The rat trap. We’re moving and moving through this maze called life, but we’re not really progressing towards coming out of the maze and into the open space. ‘Don’t mistake movement for progress” is one of my favourite quotes. Whenever I find myself in a very busy or fast paced movement, maybe a little stressed too, I’ll stop and ask myself, ‘Am I progressing or just racing in circles?’ And hell if I can’t even answer that, then I stop what I’m doing and reassess the situation. Do I need to be here doing this right now? How effective is my plan? And, can I make it more efficien?

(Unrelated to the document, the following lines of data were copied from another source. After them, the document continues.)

(* If $U(x)$ is a polynomial with non-negative coefficients, then the function $V(x)=x(1+xU(x))$ is the covariance of some power series distribution.
   Context: For a power series $\omega(y)=\sum_k a_ky^k$ with non-negative coefficients and positive radius of convergence, the power series distribution (PSD) of $\omega$ with parameter $y>0$ is the law on $\{0,1,2,\dots\}$ given by $P\{\xi=k\}=a_ky^k/\omega(y)$. Its mean is $x(y)=y\omega'(y)/\omega(y)$ and its variance is $y\,x'(y)>0$, so $x(\cdot)$ has an inverse $y=f(x)$ on its range. The covariance of the PSD of $\omega$ is the function $V(x)=f(x)/f'(x)$, i.e. the variance expressed as a function of the mean $x$; a function is ''the covariance of a PSD'' if it equals this for some such $\omega$. *)

From Stdlib Require Import Reals.
From Coquelicot Require Import Coquelicot.
Open Scope R_scope.

Definition psd_omega (a : nat -> R) (y : R) : R := Series (fun k => a k * y ^ k).

Definition psd_prob (a : nat -> R) (y : R) (k : nat) : R := a k * y ^ k / psd_omega a y.

Definition psd_mean (a : nat -> R) (y : R) : R :=
  Series (fun k => INR k * psd_prob a y k).

Definition psd_var (a : nat -> R) (y : R) : R :=
  Series (fun k => (INR k - psd_mean a y) ^ 2 * psd_prob a y k).

(* admissible power series: non-negative coefficients, positive radius of
   convergence, non-degenerate (at least two non-zero coefficients, so that the
   variance y x'(y) is > 0 and the mean map is invertible). *)
Definition psd_generator (a : nat -> R) : Prop :=
  (forall k, 0 <= a k) /\ Rbar_lt 0 (CV_radius a) /\
  (exists i j : nat, i <> j /\ 0 < a i /\ 0 < a j).

(* V is the covariance of the PSD of omega: the variance expressed as a function
   of the mean, i.e. V(x(y)) = Var_y for every parameter y in (0, radius). *)
Definition is_psd_covariance (V : R -> R) : Prop :=
  exists a : nat -> R, psd_generator a /\
    forall y : R, 0 < y -> Rbar_lt y (CV_radius a) ->
      V (psd_mean a y) = psd_var a y.

Definition poly_eval (c : nat -> R) (n : nat) (x : R) : R :=
  sum_f_R0 (fun i => c i * x ^ i) n.

(* Let B(y) = sum_k b_k y^k be the mean of the distribution as a function of the parameter.
   Since the variance is y B'(y), the requirement V(B(y)) = y B'(y) with B(y) = y + O(y^2)
   gives k b_k = b_k + [y^k] B^2 U(B), a recursion for b_k in terms of earlier coefficients
   with non-negative right-hand side; the weights of the distribution are then the
   coefficients a_k of w = exp (int B(y)/y dy), i.e. k a_k = (b * a)_k, a_0 = 1, again
   non-negative.  Both series have a positive radius of convergence thanks to the majorant
   A^(k-1) / k^2, which is (up to the factor 8 / A) stable under Cauchy products because
   sum_(0<j<k) 1 / (j^2 (k-j)^2) <= 8 / k^2. *)

From Stdlib Require Import Reals Arith Lra Lia.
From Coquelicot Require Import Coquelicot.
Open Scope R_scope.

Section StrongRecursion.

Variable Phi : (nat -> R) -> nat -> R.

Definition causal : Prop :=
  forall f g k, (forall j, (j < k)%nat -> f j = g j) -> Phi f k = Phi g k.

(* For causal [Phi], the [k+1]-st iterate from [0] is already exact up to index [k]. *)
Definition strong_rec (k : nat) : R := Nat.iter (S k) Phi (fun _ => 0) k.

Hypothesis Phi_causal : causal.

Lemma iter_causal_stable N M j : (j < N)%nat -> (N <= M)%nat ->
  Nat.iter N Phi (fun _ => 0) j = Nat.iter M Phi (fun _ => 0) j.
Proof.
  revert M j; induction N as [|N IH]; intros [|M] j Hj HNM; try lia.
  change (Phi (Nat.iter N Phi (fun _ => 0)) j = Phi (Nat.iter M Phi (fun _ => 0)) j).
  apply Phi_causal; intros i Hi; apply IH; lia.
Qed.

Lemma strong_recE k : strong_rec k = Phi strong_rec k.
Proof.
  change (Phi (Nat.iter k Phi (fun _ => 0)) k = Phi strong_rec k).
  apply Phi_causal; intros j Hj.
  symmetry; apply iter_causal_stable; lia.
Qed.

Lemma strong_rec_ind (P : nat -> R -> Prop) :
  (forall f k, (forall j, (j < k)%nat -> P j (f j)) -> P k (Phi f k)) ->
  forall k, P k (strong_rec k).
Proof.
  intros HP k; induction k as [k IH] using lt_wf_ind.
  rewrite strong_recE; apply HP, IH.
Qed.

End StrongRecursion.

Definition PS_unit (k : nat) : R := if Nat.eqb k 0 then 1 else 0.

Fixpoint PS_pow (f : nat -> R) (m : nat) : nat -> R :=
  match m with
  | O => PS_unit
  | S m => PS_mult f (PS_pow f m)
  end.

Lemma PS_pow_1 f k : PS_pow f 1 k = f k.
Proof.
  unfold PS_pow, PS_mult, PS_unit; destruct k as [|k]; [simpl; ring|].
  rewrite tech5, Nat.sub_diag, sum_eq_R0; [simpl; ring|].
  intros j Hj; destruct (Nat.eqb_spec (S k - j) 0); [lia | ring].
Qed.

Lemma PS_pow_lt f m k : f 0%nat = 0 -> (k < m)%nat -> PS_pow f m k = 0.
Proof.
  intros f0; revert k; induction m as [|m IH]; intros k Hk; [lia|].
  apply sum_eq_R0; intros [|j] Hj; [rewrite f0; ring|].
  rewrite IH by lia; ring.
Qed.

Lemma PS_pow_ext_le f g m l :
  (forall j, (j <= l)%nat -> f j = g j) -> PS_pow f m l = PS_pow g m l.
Proof.
  revert l; induction m as [|m IH]; intros l Hfg; [reflexivity|].
  change (PS_mult f (PS_pow f m) l = PS_mult g (PS_pow g m) l).
  apply sum_eq; intros j Hj.
  rewrite (Hfg j Hj), (IH (l - j)%nat) by (intros; apply Hfg; lia).
  reflexivity.
Qed.

(* With [f 0 = 0], the term [f k * (f^(m+1))_0] of [(f^(m+2))_k] vanishes. *)
Lemma PS_pow_SS_ext_lt f g m k : f 0%nat = 0 -> g 0%nat = 0 ->
  (forall j, (j < k)%nat -> f j = g j) ->
  PS_pow f (S (S m)) k = PS_pow g (S (S m)) k.
Proof.
  intros f0 g0 Hfg.
  change (PS_mult f (PS_pow f (S m)) k = PS_mult g (PS_pow g (S m)) k).
  apply sum_eq; intros [|j] Hj; [rewrite f0, g0; ring|].
  destruct (Nat.eq_dec (S j) k) as [<-|Hjk].
  - rewrite Nat.sub_diag, !(PS_pow_lt _ (S m)) by (assumption || lia); ring.
  - rewrite (Hfg (S j)) by lia.
    rewrite (PS_pow_ext_le f g) by (intros; apply Hfg; lia).
    reflexivity.
Qed.

Lemma PS_mult_le_compat f f' g g' k :
  (forall j, 0 <= f j <= f' j) -> (forall j, 0 <= g j <= g' j) ->
  0 <= PS_mult f g k <= PS_mult f' g' k.
Proof.
  intros Hf Hg; split.
  - apply cond_pos_sum; intro j; apply Rmult_le_pos; [apply Hf | apply Hg].
  - apply sum_Rle; intros j _; apply Rmult_le_compat; apply Hf || apply Hg.
Qed.

Lemma PS_pow_le_compat f g m k :
  (forall j, 0 <= f j <= g j) -> 0 <= PS_pow f m k <= PS_pow g m k.
Proof.
  intro Hfg; revert k; induction m as [|m IH]; intro k.
  - unfold PS_pow, PS_unit; destruct (Nat.eqb k 0); lra.
  - apply PS_mult_le_compat; assumption.
Qed.

Lemma PS_mult_scal_r f g C k :
  PS_mult f (fun j => C * g j) k = C * PS_mult f g k.
Proof. unfold PS_mult; rewrite scal_sum; apply sum_eq; intros; ring. Qed.

Lemma PS_pow_le_submult h r m k : (forall j, 0 <= h j) -> 0 <= r ->
  (forall j, PS_mult h h j <= r * h j) -> PS_pow h (S m) k <= r ^ m * h k.
Proof.
  intros h_ge0 r_ge0 h_sub; revert k; induction m as [|m IH]; intro k.
  - rewrite PS_pow_1; simpl; lra.
  - change (PS_mult h (PS_pow h (S m)) k <= r ^ S m * h k).
    apply Rle_trans with (PS_mult h (fun j => r ^ m * h j) k).
    + assert (h_le : forall j, 0 <= h j <= h j) by (intro j; split; [apply h_ge0 | lra]).
      apply PS_mult_le_compat; intro j; [apply h_le|].
      split; [apply (PS_pow_le_compat h h), h_le | apply IH].
    + rewrite PS_mult_scal_r; change (r ^ S m) with (r * r ^ m).
      replace (r * r ^ m * h k) with (r ^ m * (r * h k)) by ring.
      apply Rmult_le_compat_l; [apply pow_le, r_ge0 | apply h_sub].
Qed.

Lemma PS_mult_INR u v k : INR k * PS_mult u v k =
  PS_mult (fun j => INR j * u j) v k + PS_mult u (fun j => INR j * v j) k.
Proof.
  unfold PS_mult; rewrite <- sum_plus, scal_sum; apply sum_eq; intros j Hj.
  rewrite minus_INR by exact Hj; ring.
Qed.

Lemma is_series_PS_mult p q y P Q : 0 <= y ->
  (forall k, 0 <= p k) -> (forall k, 0 <= q k) ->
  is_series (fun k => p k * y ^ k) P -> is_series (fun k => q k * y ^ k) Q ->
  is_series (fun k => PS_mult p q k * y ^ k) (P * Q).
Proof.
  intros y_ge0 p_ge0 q_ge0 HP HQ.
  eapply is_series_ext; [|apply (is_series_mult_pos _ _ _ _ HP HQ)].
  - intro k; unfold PS_mult; rewrite Rmult_comm, scal_sum; apply sum_eq; intros j Hj.
    replace (y ^ k) with (y ^ j * y ^ (k - j)) by (rewrite <- pow_add; f_equal; lia).
    ring.
  - intro k; apply Rmult_le_pos; [apply p_ge0 | apply pow_le, y_ge0].
  - intro k; apply Rmult_le_pos; [apply q_ge0 | apply pow_le, y_ge0].
Qed.

Lemma is_series_PS_pow b y B m : 0 <= y -> (forall k, 0 <= b k) ->
  is_series (fun k => b k * y ^ k) B ->
  is_series (fun k => PS_pow b (S m) k * y ^ k) (B ^ S m).
Proof.
  intros y_ge0 b_ge0 HB; induction m as [|m IH].
  - rewrite pow_1; eapply is_series_ext; [|exact HB].
    intro k; rewrite PS_pow_1; reflexivity.
  - apply (is_series_PS_mult b (PS_pow b (S m))); try assumption.
    intro k; apply (PS_pow_le_compat b b); intro j; pose proof (b_ge0 j); lra.
Qed.

Lemma is_series_sum_f_R0 (u : nat -> nat -> R) (l : nat -> R) N :
  (forall i, (i <= N)%nat -> is_series (u i) (l i)) ->
  is_series (fun k => sum_f_R0 (fun i => u i k) N) (sum_f_R0 l N).
Proof.
  induction N as [|N IH]; intro Hu; [apply Hu; lia|].
  apply (is_series_plus (fun k => sum_f_R0 (fun i => u i k) N) (u (S N))).
  - apply IH; intros; apply Hu; lia.
  - apply Hu; lia.
Qed.

Lemma is_series_ge_first u l : (forall k, 0 <= u k) -> is_series u l -> u 0%nat <= l.
Proof.
  intros u_ge0 Hu; apply (sum_incr u 0 l); [apply is_series_Reals, Hu | exact u_ge0].
Qed.

Lemma ex_series_nonneg_inside a y : 0 <= y -> Rbar_lt y (CV_radius a) ->
  (forall k, 0 <= a k) -> ex_series (fun k => a k * y ^ k).
Proof.
  intros y_ge0 y_lt a_ge0.
  rewrite <- (Rabs_pos_eq y y_ge0) in y_lt.
  eapply ex_series_ext; [|apply (CV_disk_inside a y y_lt)].
  intro k; apply Rabs_pos_eq, Rmult_le_pos; [apply a_ge0 | apply pow_le, y_ge0].
Qed.

Lemma ex_series_INR_inside a y : 0 <= y -> Rbar_lt y (CV_radius a) ->
  (forall k, 0 <= a k) -> ex_series (fun k => INR k * a k * y ^ k).
Proof.
  intros y_ge0 y_lt a_ge0.
  rewrite <- CV_radius_derive in y_lt.
  apply ex_series_incr_1.
  eapply ex_series_ext; [|apply (ex_series_scal y), (ex_series_nonneg_inside _ y y_ge0 y_lt)].
  - intro k; unfold PS_derive, scal; simpl; unfold mult; simpl; ring.
  - intro k; unfold PS_derive; apply Rmult_le_pos; [apply pos_INR | apply a_ge0].
Qed.

Lemma CV_radius_pos_of_pow_bound a A : 0 < A ->
  (forall k, 0 <= a k <= A ^ k) -> Rbar_lt 0 (CV_radius a).
Proof.
  intros A_pos a_le.
  assert (invA_pos : 0 < / A) by (apply Rinv_0_lt_compat, A_pos).
  assert (H : Rbar_le (/ A) (CV_radius a)).
  { apply (CV_radius_bounded a); exists 1; intro k.
    rewrite pow_inv, Rabs_pos_eq.
    - apply (Rmult_le_reg_r (A ^ k)); [apply pow_lt, A_pos|].
      rewrite Rmult_assoc, Rinv_l, Rmult_1_l, Rmult_1_r by (apply pow_nonzero; lra).
      apply a_le.
    - apply Rmult_le_pos; [apply a_le | apply Rlt_le, Rinv_0_lt_compat, pow_lt, A_pos]. }
  destruct (CV_radius a); simpl in *; lra.
Qed.

Lemma sum_f_R0_nonneg (u : nat -> R) N :
  (forall i, (i <= N)%nat -> 0 <= u i) -> 0 <= sum_f_R0 u N.
Proof.
  intro u_ge0; rewrite <- (Rmult_0_l (INR (S N))), <- sum_cte.
  apply sum_Rle, u_ge0.
Qed.

(* [inv_sq 0 = 0], since [/ 0 = 0] in Rocq. *)
Definition inv_sq (j : nat) : R := / INR j ^ 2.

Lemma inv_sq_0 : inv_sq 0 = 0.
Proof. unfold inv_sq; simpl; rewrite Rmult_0_l; apply Rinv_0. Qed.

Lemma inv_sq_nonneg j : 0 <= inv_sq j.
Proof.
  destruct j as [|j]; [rewrite inv_sq_0; lra|].
  apply Rlt_le, Rinv_0_lt_compat, pow_lt, lt_0_INR; lia.
Qed.

Lemma sum_inv_sq_le_2 N : sum_f_R0 inv_sq N <= 2.
Proof.
  assert (telescope : forall M, sum_f_R0 inv_sq (S M) + / INR (S M) <= 2).
  { induction M as [|M IH].
    - simpl; rewrite inv_sq_0; unfold inv_sq; simpl; lra.
    - rewrite tech5; unfold inv_sq at 2; rewrite S_INR.
      set (x := INR (S M)) in *.
      assert (x_pos : 0 < x) by (apply lt_0_INR; lia).
      assert (step : / x - / (x + 1) - / (x + 1) ^ 2 = / (x * (x + 1) ^ 2))
        by (field; lra).
      assert (0 < / (x * (x + 1) ^ 2))
        by (apply Rinv_0_lt_compat, Rmult_lt_0_compat, pow_lt; lra).
      lra. }
  destruct N as [|N]; [simpl; rewrite inv_sq_0; lra|].
  pose proof (telescope N).
  assert (0 < / INR (S N)) by (apply Rinv_0_lt_compat, lt_0_INR; lia).
  lra.
Qed.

‘Do I need to eat this?’, or, ‘do I want to eat this?’ - is even more tricky for some. For me, I’ve learnt to control that. I can rarely be tempted by my own words to do something I don’t want or need to. Sure it happens once in a blue moon. But, even if you coat yourself in dark chocolate, peanut butter and raspberries, and present yourself all irresistible and shit, if the need or want does not match mine, then I can’t be tempted. Not to say I cant be tempted, I am human after all.

It seems as if humans have lost some sense of self control these days, even in controlling their self control... is over-control a thing? Do you think one can be over-controlled to the point they lose track of what it is they are controlling or hoping to achieve? Ending right back where they started...

Taking it back to the topic of diet, there are certain foods that I simply do not eat, either because they serve no purpose to me or my goals, or they upset my body and I don’t feel well from it. Not emotionally unwell like 'Ugh that doughnut made me fat'... because that is highly false, but actual physical/medical discomfort. And no, I’m not talking about gluten. Oh wonderful gluten, what a beauty in disguise. The glue that holds my soul to my body. The carb that perfectly matches protein 🍔🍔🍣🍣😍. I love carbs, and they love me back. Foods rich in cream, fat and spices tend to cause heartburn, a feeling of over-fullness, lethargy etc, especially when consumed in large amounts, so I keep that to a minimum. 300g of Lasagne and 300g of plain chicken and rice will both fill me up, but one will make me want to go laze on the couch and not move for some time after, while the other (chicken and rice) satisfies my soul.

So, I’m not all that controlled with diet. When my goals allow it, it’s there. Cake, doughnuts, burgers... but I rarely binge out to the point where I feel sick. I’ve learnt to control that. It takes time to learn new habits of self control. You have to be patient.

By the way... “cheat meals” correlate very strongly to this “guilty” feeling people get about food, so I rarely like to call them cheat meals when I plan a diet, but more along the lines of 'enjoy any meal of your choice today'... emphasis on the word MEAL.. not, enjoy the whole day off. Unless I say that, which in some cases I do. It’s 1 meal of your choice. Plus, if something is in your plan, be it a diet or training break.... it’s not cheating. And you definitely shouldn’t feel guilty.

How much control is too much? Herein lies a problem with intense discipline and hardcore commitment. You lose touch with your desires of guilty pleasures. The rush and thrill of cheats & treats. A doughnut that once satisfied that little sweet craving now looks like deep fried bread and sugar.. I'll pass. Only now that craving still exists and yet I can't find the cure. Don't tell me to meditate, I'll throw a doughnut at you. But, this intense level is needed when it comes to certain goals, and in my case, competition prep. If I want to lean down to 6-8% bodyfat, then I have to be super strict.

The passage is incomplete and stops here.